The International Monetary Fund raised its growth outlook on the global economy, citing accelerated growth among advanced industrialized economies.

The global economy will expand 3.7 percent in 2014, up from an earlier estimate of 3.6 percent, the IMF said in a revised World Economic Outlook report. Advanced economies will pick up the slack in 2014, led by the United States, United Kingdom and Japan. The IMF’s forecast for 2015 is 3.9 percent, unchanged from the previous estimate.

The US economy will grow 2.8 percent in 2014, compared with the October estimate of 2.6 percent. UK GDP will expand 2.4 percent this year, up from an initial estimate of 1.9 percent. Meanwhile, economic growth in Japan was revised from 1.2 percent to 1.7 percent, the report showed. If the revised estimate holds, the global economy will experience its best year since 2011, when the world’s gross domestic product rose nearly 4 percent.

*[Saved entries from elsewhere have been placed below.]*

Lemma is_partition_pair : (0 < b)%N -> is_partition (a + b) mu.
Proof.
by move=> b_gt0; rewrite /is_partition /= addn0 le_ba b_gt0 (leq_trans b_gt0 le_ba).
Qed.

End TwoRowPartition.

Theorem mainTheorem6 (n : nat) (hn : (2 <= n)%N) :
  (forall mu : seq nat, is_partition n mu ->
     forall i : nat, (i < mu1 mu)%N ->
       (Gt n mu i)`_(sdeg mu i) != 0 /\
       Rbar (sdeg mu i) (sdeg mu i).-1 (sdeg mu i) (Gt n mu i) (Gt n mu i)^`() != 0) ->
  exists mu : seq nat, is_partition n mu /\
    exists q : Apoly n, inS n mu q /\ (3 ^ n./2 <= totdeg q)%N.
Proof.
move=> nondegenerate; set k := n./2; pose mu := [:: (n - k)%N; k].
have n_halves : (odd n + k.*2)%N = n := odd_double_half n.
have le_k : (k <= n - k)%N by lia.
have mu_part : is_partition n mu.
  rewrite -[n in is_partition n](@subnK k); last lia.
  by apply: is_partition_pair; lia.
have sdeg_mu i : (i <= k)%N -> sdeg mu i = (n - i.*2)%N.
  by move=> le_ik; rewrite sdeg_pair //; lia.
have n_le_sdeg0 : (n <= sdeg mu 0)%N by rewrite sdeg_mu ?subn0.
exists mu; split => //.
have [n_odd | n_even] := boolP (odd n).
- have k_lt : (k < mu1 mu)%N by rewrite /=; lia.
  have s_k : sdeg mu k = 1%N by rewrite sdeg_mu //; lia.
  have [lead_neq0 _] := nondegenerate mu mu_part k k_lt.
  apply: (exists_inS_totdeg_ge (j := 1) k_lt); first by rewrite mubar_pair; lia.
    exact: Dj_1_Gt_neq0 n_le_sdeg0 (ltnW k_lt) s_k lead_neq0.
  by rewrite Gt_weight_pair // muln1 leq_pmull.
- have i_lt : (k.-1 < mu1 mu)%N by rewrite /=; lia.
  have s_i : sdeg mu k.-1 = 2%N by rewrite sdeg_mu; lia.
  have [lead_neq0 Rbar_neq0] := nondegenerate mu mu_part k.-1 i_lt.
  apply: (exists_inS_totdeg_ge (j := 2) i_lt); first by rewrite mubar_pair; lia.
    exact: Dj_2_Gt_neq0 n_le_sdeg0 (ltnW i_lt) s_i lead_neq0 Rbar_neq0.
  rewrite Gt_weight_pair ?leq_pred // -[k in (3 ^ k)%N]prednK ?expnS ?leq_mul2r ?orbT //.
  lia.
Qed.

The revised outlook doesn’t come without caveats. The pace of economic expansion will remain uneven, as emerging markets continue to struggle with domestic weaknesses. At the same time, deflation remains a real threat across several advanced economies, which are struggling with stubbornly low inflation levels. Weak inflation threatens to dampen consumption and make existing debts harder to pay.

“In advanced economies, output gaps generally remain large, and given the risks, the monetary policy stance should stay accommodative while fiscal consolidation continues,” the IMF said in its report.

Strong external demand from advanced economies is expected to boost emerging markets, the report said. China’s economy is forecasted to grow 7.5 percent this year, up from an initial estimate of 7.3 percent. The biggest negative adjustment came for Russia. The IMF now believes Russia’s GDP will expand 2 percent this year and 2.5 percent in 2015. Both of the revised predictions are 1 percentage point lower than the October forecast.